■ Task instructions: Lines that contain the string "apply" are the ones to list; copy all of them from the records.

■ Information given:

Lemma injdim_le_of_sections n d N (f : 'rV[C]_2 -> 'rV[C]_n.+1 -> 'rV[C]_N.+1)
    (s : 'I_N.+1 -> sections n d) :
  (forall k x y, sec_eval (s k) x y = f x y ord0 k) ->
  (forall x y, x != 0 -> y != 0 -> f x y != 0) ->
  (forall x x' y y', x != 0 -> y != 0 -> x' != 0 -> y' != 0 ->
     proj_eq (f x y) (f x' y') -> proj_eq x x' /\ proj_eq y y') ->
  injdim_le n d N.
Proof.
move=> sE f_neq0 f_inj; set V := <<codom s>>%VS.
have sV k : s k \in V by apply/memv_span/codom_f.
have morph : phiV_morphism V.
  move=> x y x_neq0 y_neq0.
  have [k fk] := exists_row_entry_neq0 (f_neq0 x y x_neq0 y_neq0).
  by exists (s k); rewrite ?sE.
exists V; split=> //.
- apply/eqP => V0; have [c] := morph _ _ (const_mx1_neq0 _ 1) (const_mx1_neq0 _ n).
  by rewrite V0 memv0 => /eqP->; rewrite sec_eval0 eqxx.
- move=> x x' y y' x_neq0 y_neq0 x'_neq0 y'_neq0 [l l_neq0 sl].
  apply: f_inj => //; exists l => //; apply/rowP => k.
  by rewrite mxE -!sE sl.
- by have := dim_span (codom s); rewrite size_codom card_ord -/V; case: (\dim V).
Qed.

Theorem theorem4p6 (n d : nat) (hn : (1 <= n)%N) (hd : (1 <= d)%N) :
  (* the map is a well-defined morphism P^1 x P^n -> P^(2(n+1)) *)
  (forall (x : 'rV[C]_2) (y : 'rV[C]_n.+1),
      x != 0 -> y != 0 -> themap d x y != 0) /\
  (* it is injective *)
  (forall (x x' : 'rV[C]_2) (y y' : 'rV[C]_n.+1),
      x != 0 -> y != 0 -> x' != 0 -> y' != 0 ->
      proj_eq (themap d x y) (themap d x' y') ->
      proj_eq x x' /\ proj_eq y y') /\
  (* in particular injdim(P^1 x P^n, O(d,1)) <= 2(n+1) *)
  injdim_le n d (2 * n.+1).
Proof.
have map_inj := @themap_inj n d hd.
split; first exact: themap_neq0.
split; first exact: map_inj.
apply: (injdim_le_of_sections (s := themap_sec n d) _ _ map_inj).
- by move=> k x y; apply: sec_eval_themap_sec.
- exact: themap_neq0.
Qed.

---

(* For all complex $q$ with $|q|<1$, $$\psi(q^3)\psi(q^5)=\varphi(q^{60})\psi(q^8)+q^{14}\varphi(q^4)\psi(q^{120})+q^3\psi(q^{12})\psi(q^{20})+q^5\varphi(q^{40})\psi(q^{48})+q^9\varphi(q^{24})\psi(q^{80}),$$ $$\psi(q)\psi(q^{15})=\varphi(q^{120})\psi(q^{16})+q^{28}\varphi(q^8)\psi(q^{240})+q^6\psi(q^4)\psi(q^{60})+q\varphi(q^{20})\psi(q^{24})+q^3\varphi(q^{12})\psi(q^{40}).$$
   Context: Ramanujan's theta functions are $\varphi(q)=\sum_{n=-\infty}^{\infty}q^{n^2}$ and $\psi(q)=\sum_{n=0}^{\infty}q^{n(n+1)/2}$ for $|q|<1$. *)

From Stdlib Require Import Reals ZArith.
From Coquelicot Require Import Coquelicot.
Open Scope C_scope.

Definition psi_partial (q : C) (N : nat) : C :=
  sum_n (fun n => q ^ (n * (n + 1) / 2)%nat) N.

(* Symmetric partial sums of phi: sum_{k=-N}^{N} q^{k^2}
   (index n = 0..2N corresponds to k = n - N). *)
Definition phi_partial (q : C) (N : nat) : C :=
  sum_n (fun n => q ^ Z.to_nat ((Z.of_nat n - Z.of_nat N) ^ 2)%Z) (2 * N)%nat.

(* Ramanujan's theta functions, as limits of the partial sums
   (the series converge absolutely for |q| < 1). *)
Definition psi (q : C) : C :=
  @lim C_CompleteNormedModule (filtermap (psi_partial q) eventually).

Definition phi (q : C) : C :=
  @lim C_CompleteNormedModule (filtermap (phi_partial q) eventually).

■ Task answer:
have sV k : s k \in V by apply/memv_span/codom_f.
- apply/eqP => V0; have [c] := morph _ _ (const_mx1_neq0 _ 1) (const_mx1_neq0 _ n).
  apply: f_inj => //; exists l => //; apply/rowP => k.
apply: (injdim_le_of_sections (s := themap_sec n d) _ _ map_inj).
- by move=> k x y; apply: sec_eval_themap_sec.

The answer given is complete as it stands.